Lines holding the word "ring" are the ones to copy from the data below.

□ □ □ □ □

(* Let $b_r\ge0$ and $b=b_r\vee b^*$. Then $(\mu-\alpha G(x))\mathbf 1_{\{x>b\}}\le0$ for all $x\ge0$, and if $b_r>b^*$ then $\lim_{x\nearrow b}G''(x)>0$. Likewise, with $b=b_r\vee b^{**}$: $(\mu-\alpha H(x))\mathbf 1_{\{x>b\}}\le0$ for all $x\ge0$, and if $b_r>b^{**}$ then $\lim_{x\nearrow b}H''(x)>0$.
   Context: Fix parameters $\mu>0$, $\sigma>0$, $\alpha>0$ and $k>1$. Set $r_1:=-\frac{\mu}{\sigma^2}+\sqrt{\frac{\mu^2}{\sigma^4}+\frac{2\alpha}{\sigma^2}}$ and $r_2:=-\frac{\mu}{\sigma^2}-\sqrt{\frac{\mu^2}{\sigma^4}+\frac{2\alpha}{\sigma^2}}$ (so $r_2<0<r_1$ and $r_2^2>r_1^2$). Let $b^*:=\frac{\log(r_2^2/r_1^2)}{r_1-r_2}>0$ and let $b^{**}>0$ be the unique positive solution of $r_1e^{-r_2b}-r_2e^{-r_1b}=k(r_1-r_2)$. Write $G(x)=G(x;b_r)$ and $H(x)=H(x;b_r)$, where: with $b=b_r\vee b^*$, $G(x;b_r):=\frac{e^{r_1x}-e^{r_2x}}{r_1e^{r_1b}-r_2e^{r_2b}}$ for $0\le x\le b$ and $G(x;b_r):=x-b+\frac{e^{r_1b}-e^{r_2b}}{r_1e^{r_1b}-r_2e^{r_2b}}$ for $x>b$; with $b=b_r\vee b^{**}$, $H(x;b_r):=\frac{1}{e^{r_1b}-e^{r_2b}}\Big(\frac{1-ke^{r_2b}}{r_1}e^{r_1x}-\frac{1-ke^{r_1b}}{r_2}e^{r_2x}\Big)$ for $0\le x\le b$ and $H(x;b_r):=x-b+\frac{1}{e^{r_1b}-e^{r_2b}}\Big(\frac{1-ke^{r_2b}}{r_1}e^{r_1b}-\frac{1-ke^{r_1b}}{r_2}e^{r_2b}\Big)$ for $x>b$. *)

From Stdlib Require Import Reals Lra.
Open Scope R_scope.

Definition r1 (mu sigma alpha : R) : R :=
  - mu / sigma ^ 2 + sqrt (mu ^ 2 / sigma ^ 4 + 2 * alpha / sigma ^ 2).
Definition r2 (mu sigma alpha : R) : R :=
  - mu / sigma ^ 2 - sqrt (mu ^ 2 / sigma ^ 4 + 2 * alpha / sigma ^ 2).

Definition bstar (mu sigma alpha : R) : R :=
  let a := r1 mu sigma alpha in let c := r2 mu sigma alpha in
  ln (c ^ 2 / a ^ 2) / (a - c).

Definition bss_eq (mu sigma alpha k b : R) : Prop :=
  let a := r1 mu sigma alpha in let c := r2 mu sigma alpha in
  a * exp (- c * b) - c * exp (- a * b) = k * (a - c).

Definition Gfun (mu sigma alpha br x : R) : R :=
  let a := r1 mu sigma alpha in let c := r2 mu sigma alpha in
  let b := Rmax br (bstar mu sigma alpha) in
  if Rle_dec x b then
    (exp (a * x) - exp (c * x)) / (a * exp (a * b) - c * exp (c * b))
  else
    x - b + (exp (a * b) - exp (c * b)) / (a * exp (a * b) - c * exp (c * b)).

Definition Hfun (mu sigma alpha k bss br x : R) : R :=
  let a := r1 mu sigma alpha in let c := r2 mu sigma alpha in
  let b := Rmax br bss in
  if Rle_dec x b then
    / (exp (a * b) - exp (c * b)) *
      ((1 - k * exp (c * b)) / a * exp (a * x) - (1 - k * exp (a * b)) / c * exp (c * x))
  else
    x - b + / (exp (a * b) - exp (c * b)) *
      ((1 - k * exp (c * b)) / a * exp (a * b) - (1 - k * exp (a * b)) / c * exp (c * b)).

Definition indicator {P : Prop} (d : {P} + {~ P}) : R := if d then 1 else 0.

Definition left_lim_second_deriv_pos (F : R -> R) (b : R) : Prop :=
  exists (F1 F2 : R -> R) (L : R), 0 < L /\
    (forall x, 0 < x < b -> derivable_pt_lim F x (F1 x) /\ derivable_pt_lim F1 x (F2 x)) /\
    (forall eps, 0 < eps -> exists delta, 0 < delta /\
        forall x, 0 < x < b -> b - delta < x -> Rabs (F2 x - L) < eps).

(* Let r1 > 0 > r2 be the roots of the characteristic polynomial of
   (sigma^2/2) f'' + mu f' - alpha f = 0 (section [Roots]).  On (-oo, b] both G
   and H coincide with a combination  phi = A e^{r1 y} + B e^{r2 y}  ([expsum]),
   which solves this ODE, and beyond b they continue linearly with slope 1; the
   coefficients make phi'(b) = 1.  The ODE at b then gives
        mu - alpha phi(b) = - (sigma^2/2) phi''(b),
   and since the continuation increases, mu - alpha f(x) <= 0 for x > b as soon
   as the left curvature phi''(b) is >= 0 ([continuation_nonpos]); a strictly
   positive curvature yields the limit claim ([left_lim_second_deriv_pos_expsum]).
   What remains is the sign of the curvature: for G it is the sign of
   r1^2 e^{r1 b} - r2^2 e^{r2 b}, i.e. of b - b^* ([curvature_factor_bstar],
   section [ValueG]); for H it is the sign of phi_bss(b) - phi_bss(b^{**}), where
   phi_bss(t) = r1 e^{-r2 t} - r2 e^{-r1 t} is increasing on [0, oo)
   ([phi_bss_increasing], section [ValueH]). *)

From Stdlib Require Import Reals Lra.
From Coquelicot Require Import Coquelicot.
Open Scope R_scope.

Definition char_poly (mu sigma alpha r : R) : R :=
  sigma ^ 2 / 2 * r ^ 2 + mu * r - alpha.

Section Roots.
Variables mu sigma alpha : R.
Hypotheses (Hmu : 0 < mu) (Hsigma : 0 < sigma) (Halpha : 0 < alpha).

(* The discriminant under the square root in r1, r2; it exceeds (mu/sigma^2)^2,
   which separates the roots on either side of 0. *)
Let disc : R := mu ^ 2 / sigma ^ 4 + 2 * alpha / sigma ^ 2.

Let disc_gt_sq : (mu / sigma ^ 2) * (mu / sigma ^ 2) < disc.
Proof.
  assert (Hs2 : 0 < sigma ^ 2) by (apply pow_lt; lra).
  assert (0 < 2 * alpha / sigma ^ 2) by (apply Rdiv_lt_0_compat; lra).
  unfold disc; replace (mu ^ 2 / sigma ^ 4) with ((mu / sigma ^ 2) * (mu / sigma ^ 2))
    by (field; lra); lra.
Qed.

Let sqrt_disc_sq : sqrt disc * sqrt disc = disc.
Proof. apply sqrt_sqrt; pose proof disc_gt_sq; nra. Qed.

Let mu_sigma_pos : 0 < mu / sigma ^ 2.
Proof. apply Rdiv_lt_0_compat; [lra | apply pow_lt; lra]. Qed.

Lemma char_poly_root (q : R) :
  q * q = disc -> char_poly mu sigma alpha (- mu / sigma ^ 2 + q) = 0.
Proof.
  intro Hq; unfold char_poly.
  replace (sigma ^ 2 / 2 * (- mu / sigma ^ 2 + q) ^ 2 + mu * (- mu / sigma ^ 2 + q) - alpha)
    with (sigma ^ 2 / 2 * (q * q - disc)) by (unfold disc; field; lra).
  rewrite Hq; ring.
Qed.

□ □ □ □ □

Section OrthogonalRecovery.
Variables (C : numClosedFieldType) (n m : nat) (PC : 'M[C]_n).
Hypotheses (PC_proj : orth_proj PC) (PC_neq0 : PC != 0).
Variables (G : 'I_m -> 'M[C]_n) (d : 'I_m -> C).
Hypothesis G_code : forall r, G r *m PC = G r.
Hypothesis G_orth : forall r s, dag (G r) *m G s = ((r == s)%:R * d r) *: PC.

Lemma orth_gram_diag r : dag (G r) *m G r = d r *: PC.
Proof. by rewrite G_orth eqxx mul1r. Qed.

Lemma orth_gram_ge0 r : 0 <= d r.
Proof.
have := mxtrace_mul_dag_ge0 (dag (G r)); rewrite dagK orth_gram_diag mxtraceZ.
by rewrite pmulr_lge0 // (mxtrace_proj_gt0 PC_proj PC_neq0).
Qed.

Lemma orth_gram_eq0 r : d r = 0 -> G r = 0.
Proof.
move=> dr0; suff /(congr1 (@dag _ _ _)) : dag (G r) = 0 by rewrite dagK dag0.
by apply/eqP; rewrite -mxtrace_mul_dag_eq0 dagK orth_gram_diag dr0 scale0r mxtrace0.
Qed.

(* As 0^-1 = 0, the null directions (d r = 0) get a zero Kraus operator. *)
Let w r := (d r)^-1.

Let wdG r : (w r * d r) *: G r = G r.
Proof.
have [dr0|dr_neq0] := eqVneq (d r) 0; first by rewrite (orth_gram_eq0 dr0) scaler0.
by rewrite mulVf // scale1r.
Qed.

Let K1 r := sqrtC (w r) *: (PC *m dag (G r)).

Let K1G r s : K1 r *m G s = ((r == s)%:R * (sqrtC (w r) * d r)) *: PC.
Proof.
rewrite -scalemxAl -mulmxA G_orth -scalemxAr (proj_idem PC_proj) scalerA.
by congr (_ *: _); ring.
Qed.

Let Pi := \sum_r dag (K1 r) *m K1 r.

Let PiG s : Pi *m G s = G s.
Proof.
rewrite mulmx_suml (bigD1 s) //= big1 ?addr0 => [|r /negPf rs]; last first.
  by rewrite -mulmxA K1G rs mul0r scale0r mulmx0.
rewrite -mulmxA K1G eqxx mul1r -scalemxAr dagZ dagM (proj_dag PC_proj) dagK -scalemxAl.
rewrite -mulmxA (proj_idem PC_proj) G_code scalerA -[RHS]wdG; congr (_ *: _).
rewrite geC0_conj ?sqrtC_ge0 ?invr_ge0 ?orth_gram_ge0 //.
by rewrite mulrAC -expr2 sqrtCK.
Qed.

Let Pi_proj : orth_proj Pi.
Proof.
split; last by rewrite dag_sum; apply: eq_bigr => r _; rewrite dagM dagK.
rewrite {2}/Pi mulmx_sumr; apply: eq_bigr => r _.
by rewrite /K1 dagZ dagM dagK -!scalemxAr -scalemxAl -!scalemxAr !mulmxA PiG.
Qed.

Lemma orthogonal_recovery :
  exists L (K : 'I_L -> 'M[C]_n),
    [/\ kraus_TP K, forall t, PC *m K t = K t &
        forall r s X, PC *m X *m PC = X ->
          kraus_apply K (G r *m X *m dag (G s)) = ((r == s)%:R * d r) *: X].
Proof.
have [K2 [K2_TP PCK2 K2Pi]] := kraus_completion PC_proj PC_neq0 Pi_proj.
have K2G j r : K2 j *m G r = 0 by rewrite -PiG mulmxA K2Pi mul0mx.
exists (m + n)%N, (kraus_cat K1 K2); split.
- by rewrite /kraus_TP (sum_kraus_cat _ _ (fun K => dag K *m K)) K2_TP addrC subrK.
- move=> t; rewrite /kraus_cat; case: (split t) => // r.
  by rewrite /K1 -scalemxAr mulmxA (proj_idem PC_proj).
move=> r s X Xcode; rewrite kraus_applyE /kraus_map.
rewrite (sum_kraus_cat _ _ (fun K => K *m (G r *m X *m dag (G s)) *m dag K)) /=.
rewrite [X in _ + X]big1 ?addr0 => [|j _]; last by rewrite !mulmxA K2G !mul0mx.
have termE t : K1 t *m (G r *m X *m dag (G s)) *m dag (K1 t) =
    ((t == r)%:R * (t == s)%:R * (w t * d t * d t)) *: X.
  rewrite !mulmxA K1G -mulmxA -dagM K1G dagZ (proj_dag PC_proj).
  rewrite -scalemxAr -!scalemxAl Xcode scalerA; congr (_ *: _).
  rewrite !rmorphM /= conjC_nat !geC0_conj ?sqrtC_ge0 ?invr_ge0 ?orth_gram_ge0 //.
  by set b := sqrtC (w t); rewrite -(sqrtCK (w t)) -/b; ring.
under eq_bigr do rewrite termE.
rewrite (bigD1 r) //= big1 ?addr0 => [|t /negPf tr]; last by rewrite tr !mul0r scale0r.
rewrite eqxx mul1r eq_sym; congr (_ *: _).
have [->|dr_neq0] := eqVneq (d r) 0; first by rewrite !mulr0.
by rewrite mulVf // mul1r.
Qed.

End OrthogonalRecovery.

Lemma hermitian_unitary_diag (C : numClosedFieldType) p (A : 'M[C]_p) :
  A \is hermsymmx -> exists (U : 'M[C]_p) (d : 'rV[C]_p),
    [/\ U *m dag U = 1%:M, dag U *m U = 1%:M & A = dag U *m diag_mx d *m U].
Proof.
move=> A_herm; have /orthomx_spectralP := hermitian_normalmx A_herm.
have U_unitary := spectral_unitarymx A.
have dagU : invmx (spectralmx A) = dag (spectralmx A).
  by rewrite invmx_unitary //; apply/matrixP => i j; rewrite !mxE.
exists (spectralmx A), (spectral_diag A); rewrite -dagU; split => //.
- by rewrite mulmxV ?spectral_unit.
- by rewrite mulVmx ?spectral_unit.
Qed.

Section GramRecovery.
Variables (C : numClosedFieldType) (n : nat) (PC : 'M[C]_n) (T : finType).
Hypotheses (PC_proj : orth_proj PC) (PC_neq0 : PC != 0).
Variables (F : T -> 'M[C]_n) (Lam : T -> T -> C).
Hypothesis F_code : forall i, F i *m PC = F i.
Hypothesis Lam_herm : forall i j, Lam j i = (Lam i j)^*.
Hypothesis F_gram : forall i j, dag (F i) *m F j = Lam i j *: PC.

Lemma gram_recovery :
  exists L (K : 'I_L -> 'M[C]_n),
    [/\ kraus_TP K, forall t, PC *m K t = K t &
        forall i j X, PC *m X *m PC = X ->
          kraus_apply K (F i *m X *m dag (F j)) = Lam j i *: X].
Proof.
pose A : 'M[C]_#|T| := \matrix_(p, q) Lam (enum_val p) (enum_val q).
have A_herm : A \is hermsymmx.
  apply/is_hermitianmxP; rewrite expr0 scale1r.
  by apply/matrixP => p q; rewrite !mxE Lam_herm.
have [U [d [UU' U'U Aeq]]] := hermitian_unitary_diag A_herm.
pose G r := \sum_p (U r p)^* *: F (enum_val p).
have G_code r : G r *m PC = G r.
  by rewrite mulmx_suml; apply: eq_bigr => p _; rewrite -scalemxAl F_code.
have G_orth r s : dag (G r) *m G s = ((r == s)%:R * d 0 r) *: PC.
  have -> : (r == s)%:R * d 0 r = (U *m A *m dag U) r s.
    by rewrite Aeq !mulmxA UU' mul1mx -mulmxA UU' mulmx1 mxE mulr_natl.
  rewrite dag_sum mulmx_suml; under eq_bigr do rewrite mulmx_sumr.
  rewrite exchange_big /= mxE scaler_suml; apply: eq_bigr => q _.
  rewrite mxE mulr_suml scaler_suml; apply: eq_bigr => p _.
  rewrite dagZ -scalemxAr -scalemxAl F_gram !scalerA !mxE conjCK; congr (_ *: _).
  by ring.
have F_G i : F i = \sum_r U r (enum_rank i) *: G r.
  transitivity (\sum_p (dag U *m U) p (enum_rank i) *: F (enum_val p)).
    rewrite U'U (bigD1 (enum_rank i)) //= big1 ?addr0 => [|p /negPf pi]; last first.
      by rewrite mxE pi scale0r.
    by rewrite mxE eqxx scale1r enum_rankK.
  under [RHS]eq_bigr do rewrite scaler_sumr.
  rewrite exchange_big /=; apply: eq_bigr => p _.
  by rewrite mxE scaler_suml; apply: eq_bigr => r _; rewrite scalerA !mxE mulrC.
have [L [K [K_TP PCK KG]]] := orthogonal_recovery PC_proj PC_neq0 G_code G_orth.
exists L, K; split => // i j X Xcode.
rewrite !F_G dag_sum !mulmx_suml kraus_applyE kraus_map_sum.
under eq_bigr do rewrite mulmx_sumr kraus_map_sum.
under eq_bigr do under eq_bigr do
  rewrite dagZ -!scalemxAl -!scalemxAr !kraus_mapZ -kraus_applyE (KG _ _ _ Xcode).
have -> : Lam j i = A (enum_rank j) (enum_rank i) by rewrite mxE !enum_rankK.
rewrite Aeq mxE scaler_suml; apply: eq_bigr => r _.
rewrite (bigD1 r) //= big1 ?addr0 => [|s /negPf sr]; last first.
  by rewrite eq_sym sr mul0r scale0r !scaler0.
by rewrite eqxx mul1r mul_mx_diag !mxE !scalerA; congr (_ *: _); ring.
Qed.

□ □ □ □ □

■ Finished exercise:
  rewrite Hq; ring.
by congr (_ *: _); ring.
  by set b := sqrtC (w t); rewrite -(sqrtCK (w t)) -/b; ring.
  by ring.
by rewrite eqxx mul1r mul_mx_diag !mxE !scalerA; congr (_ *: _); ring.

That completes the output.